___ Records shown ___
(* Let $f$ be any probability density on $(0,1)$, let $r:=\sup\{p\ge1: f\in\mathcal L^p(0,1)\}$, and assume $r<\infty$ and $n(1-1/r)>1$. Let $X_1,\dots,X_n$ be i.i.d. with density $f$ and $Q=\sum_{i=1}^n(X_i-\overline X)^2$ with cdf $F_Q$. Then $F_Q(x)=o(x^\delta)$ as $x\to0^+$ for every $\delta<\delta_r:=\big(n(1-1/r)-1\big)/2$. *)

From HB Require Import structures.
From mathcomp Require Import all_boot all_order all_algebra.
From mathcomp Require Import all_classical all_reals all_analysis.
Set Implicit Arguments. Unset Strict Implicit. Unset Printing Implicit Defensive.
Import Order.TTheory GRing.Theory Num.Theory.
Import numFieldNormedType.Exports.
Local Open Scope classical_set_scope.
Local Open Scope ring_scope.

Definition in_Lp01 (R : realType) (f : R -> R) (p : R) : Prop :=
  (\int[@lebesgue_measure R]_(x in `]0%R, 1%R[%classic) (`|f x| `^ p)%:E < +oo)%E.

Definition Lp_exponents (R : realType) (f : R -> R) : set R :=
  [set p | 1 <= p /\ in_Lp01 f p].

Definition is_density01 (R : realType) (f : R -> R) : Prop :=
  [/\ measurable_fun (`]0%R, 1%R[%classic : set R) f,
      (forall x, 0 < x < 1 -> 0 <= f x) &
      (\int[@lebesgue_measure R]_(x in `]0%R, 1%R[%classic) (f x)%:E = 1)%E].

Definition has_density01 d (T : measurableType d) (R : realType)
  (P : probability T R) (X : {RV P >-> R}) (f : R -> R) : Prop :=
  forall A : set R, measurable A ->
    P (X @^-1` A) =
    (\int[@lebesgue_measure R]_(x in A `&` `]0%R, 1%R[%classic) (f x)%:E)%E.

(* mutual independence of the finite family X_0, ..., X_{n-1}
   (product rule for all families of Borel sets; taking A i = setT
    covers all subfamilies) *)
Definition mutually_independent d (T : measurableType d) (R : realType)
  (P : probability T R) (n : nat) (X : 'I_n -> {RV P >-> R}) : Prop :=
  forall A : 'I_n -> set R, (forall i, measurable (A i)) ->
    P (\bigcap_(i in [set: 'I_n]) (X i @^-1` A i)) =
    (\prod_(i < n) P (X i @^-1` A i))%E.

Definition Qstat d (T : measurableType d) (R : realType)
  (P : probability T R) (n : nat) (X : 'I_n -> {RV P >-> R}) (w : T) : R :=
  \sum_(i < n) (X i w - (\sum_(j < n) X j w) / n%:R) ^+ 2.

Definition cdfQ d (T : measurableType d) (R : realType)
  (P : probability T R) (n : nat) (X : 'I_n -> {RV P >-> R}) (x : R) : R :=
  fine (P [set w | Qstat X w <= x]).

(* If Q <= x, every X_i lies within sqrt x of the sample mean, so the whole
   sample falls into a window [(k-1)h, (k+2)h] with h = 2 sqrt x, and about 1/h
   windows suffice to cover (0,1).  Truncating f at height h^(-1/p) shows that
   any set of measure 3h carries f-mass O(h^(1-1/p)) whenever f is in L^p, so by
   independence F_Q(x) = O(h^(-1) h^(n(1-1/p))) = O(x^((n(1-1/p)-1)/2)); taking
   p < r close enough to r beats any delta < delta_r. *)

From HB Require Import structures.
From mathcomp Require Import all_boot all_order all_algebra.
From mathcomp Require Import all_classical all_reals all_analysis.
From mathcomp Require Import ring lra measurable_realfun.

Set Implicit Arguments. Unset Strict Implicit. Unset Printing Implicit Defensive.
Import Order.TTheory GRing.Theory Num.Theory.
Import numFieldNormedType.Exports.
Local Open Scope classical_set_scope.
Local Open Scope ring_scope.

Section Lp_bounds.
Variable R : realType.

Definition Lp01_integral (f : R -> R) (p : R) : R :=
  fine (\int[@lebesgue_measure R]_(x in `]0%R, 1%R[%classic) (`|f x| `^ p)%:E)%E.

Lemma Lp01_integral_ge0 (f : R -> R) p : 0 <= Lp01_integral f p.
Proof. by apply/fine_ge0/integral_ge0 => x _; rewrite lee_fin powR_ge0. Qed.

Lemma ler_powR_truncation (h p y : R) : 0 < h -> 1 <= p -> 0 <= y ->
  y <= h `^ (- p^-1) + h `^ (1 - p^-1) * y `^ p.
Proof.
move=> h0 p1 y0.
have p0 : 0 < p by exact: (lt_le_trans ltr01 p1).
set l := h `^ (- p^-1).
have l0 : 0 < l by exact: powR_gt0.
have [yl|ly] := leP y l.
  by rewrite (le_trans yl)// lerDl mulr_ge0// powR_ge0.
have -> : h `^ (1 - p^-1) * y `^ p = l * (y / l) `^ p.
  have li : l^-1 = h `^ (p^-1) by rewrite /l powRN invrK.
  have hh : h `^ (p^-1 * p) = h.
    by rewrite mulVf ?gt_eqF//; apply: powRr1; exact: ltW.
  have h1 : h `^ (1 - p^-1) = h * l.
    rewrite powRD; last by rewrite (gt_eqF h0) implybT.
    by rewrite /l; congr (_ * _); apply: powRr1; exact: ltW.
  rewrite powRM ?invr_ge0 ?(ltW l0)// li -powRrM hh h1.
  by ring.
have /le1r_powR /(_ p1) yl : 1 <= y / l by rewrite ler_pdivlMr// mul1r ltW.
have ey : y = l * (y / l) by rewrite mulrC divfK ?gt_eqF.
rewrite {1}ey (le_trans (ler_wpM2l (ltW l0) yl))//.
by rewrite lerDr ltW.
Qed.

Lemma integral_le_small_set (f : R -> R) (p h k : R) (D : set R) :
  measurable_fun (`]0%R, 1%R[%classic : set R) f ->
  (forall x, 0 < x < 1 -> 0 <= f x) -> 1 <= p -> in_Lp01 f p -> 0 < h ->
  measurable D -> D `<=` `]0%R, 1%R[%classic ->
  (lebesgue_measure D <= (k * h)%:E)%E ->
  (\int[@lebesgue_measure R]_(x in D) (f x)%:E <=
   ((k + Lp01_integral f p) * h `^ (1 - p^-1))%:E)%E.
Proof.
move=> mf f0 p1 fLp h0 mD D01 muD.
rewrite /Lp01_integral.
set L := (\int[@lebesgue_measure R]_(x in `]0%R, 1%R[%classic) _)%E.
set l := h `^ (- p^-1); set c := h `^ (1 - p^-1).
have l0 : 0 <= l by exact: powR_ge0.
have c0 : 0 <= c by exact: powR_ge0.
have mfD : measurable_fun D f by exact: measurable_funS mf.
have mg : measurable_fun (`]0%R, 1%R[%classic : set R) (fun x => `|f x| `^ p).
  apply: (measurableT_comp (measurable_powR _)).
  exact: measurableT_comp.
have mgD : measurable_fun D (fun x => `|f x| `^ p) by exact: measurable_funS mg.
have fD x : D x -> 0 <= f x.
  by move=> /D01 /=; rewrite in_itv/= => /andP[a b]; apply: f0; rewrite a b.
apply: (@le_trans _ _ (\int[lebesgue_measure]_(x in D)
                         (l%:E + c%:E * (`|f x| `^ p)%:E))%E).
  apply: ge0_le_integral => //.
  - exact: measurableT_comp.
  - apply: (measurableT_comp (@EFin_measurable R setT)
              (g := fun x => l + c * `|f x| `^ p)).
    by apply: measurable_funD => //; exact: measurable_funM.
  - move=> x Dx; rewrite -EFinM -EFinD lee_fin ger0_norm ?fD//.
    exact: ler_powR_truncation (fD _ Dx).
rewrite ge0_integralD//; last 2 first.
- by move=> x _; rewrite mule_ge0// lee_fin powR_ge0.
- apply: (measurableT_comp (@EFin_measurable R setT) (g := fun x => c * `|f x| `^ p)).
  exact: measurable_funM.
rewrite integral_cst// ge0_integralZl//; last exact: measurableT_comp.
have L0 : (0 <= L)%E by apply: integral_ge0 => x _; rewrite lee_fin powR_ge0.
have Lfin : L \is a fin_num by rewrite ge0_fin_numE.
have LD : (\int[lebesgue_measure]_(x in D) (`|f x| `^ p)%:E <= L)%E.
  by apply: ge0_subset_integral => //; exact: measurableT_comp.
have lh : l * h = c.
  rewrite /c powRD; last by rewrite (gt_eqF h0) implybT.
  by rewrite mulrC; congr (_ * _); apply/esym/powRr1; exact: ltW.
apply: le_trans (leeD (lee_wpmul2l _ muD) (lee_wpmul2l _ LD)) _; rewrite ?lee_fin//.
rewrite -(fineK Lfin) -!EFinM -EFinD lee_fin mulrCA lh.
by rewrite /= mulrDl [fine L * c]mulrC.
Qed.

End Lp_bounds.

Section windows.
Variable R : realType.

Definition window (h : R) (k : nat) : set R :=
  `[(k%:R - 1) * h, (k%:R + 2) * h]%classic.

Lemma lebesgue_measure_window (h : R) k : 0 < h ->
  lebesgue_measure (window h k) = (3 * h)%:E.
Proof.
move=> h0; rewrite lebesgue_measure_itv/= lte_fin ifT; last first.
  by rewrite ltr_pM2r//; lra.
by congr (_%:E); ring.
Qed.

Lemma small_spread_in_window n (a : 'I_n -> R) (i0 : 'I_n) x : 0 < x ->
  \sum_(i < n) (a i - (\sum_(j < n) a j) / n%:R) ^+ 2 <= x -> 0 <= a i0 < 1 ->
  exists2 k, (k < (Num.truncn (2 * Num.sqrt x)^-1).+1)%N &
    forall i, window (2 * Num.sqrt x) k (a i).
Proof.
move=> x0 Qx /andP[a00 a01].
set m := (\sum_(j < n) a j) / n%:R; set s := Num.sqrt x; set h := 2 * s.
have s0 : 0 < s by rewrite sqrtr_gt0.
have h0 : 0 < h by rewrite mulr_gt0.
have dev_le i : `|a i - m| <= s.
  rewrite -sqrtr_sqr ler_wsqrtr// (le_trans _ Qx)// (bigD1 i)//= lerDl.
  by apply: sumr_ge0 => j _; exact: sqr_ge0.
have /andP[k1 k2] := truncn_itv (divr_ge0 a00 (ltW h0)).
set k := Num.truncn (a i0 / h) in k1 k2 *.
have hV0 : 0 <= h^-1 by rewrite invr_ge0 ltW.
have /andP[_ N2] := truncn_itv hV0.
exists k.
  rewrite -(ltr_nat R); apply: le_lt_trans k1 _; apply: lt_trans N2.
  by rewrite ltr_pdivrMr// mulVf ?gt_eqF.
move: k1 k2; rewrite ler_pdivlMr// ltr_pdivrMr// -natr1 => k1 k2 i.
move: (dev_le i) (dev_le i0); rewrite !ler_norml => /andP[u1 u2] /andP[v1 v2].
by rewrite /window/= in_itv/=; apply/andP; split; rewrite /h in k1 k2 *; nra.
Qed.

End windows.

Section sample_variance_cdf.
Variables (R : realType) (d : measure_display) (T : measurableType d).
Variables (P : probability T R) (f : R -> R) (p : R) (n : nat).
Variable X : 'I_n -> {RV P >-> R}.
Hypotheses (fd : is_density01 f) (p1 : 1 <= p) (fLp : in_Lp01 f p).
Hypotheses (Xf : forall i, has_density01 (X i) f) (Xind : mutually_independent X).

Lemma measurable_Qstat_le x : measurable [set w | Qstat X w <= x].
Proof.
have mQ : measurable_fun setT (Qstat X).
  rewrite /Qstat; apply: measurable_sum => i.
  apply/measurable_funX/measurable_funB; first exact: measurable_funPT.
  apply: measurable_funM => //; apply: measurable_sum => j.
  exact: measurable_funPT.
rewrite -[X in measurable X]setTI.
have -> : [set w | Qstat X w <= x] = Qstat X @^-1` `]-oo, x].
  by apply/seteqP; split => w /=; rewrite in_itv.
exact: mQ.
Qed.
___
___ Records shown ___
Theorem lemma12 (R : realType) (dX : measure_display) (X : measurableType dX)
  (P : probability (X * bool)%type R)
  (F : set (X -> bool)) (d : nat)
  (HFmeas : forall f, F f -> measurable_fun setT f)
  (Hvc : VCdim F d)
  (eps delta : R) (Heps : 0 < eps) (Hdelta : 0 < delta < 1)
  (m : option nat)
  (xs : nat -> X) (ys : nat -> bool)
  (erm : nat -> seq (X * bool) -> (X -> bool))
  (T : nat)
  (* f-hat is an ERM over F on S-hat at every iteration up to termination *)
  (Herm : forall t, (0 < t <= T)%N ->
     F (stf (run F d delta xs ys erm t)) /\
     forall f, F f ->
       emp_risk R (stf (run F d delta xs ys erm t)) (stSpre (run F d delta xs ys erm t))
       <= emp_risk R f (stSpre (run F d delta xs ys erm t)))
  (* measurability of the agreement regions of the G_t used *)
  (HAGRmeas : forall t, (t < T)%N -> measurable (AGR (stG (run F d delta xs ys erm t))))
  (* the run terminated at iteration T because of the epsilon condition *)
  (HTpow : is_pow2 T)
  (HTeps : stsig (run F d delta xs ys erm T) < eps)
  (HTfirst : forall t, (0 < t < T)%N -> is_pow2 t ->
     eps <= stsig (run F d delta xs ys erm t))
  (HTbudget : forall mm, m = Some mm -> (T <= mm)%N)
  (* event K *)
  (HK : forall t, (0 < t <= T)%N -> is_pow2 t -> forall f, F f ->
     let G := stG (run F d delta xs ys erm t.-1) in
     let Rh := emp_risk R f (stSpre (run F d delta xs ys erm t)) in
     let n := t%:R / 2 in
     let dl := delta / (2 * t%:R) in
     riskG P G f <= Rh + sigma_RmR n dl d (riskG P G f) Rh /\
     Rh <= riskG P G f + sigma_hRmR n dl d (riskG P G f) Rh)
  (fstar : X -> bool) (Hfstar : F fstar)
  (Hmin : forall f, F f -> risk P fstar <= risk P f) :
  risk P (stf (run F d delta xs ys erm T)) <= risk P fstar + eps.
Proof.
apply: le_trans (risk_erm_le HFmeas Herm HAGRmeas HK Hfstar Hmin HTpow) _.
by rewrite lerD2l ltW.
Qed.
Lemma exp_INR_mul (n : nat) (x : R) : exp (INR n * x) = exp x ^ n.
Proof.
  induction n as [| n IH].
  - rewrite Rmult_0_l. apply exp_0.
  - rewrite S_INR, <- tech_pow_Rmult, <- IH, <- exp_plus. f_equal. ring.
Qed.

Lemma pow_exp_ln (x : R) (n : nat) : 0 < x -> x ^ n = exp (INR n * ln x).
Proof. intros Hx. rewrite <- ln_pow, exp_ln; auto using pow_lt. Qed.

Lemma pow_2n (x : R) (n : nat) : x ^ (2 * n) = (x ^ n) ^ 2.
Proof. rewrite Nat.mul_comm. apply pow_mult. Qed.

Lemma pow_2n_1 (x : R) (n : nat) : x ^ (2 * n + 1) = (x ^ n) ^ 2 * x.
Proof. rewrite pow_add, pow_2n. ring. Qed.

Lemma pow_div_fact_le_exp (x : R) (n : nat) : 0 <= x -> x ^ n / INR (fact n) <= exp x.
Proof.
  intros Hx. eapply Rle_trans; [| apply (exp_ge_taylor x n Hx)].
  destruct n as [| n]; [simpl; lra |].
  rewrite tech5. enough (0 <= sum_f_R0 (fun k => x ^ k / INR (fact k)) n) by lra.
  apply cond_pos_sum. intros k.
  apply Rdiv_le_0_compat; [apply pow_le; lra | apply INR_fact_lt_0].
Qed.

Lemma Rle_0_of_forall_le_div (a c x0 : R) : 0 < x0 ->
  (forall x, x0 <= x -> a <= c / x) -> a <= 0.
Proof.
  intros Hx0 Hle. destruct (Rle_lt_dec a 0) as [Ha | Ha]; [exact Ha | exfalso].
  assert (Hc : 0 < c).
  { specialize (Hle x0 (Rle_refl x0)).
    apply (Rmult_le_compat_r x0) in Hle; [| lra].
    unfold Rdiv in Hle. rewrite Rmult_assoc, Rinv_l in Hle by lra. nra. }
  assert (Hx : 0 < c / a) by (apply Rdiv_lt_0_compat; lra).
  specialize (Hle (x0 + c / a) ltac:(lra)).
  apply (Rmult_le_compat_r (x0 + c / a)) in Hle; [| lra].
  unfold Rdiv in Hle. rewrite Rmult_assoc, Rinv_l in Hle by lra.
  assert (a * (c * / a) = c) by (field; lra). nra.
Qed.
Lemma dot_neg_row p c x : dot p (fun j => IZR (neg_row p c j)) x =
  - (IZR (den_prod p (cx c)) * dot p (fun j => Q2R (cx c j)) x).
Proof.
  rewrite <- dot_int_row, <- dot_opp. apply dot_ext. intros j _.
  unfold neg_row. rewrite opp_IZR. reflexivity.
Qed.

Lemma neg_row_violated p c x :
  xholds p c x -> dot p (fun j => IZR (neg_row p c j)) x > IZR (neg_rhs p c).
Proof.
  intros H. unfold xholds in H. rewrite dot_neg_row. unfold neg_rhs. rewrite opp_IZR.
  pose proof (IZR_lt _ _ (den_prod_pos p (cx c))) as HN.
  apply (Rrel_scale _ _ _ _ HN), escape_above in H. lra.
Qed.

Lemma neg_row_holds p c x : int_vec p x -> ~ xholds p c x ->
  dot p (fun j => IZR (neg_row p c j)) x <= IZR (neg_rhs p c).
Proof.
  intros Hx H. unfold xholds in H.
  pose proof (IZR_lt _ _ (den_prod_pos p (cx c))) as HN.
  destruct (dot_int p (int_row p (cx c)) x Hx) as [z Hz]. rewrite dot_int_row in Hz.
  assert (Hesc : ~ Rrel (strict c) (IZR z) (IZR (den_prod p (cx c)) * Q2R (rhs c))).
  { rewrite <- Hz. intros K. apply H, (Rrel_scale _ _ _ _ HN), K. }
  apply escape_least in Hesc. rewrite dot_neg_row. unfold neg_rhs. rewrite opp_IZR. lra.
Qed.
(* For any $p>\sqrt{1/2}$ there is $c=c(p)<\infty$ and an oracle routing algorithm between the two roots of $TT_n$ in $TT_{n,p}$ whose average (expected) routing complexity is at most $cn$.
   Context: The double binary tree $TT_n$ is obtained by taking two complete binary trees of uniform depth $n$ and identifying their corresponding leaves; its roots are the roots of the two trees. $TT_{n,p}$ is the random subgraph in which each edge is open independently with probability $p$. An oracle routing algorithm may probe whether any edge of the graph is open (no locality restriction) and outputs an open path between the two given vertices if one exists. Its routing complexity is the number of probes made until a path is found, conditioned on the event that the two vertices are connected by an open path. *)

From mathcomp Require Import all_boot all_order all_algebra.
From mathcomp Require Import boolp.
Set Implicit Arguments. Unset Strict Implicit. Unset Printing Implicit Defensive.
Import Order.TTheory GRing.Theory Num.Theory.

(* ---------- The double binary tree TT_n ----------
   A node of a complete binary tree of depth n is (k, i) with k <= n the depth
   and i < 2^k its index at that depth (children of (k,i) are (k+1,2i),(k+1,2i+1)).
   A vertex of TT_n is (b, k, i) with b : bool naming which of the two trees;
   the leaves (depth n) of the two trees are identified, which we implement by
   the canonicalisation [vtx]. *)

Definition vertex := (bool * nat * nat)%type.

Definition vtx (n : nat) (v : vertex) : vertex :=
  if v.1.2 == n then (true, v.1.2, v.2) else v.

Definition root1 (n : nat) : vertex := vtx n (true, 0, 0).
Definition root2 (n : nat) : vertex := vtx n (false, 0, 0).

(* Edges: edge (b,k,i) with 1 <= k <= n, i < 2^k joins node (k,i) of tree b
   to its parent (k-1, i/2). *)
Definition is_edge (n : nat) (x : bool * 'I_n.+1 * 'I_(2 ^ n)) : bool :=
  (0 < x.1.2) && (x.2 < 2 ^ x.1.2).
___
• Work task:
Look through the records and gather every line containing "unfold".

• Your response:
    unfold Rdiv in Hle. rewrite Rmult_assoc, Rinv_l in Hle by lra. nra. }
  unfold Rdiv in Hle. rewrite Rmult_assoc, Rinv_l in Hle by lra.
  unfold neg_row. rewrite opp_IZR. reflexivity.
  intros H. unfold xholds in H. rewrite dot_neg_row. unfold neg_rhs. rewrite opp_IZR.
  intros Hx H. unfold xholds in H.
  apply escape_least in Hesc. rewrite dot_neg_row. unfold neg_rhs. rewrite opp_IZR. lra.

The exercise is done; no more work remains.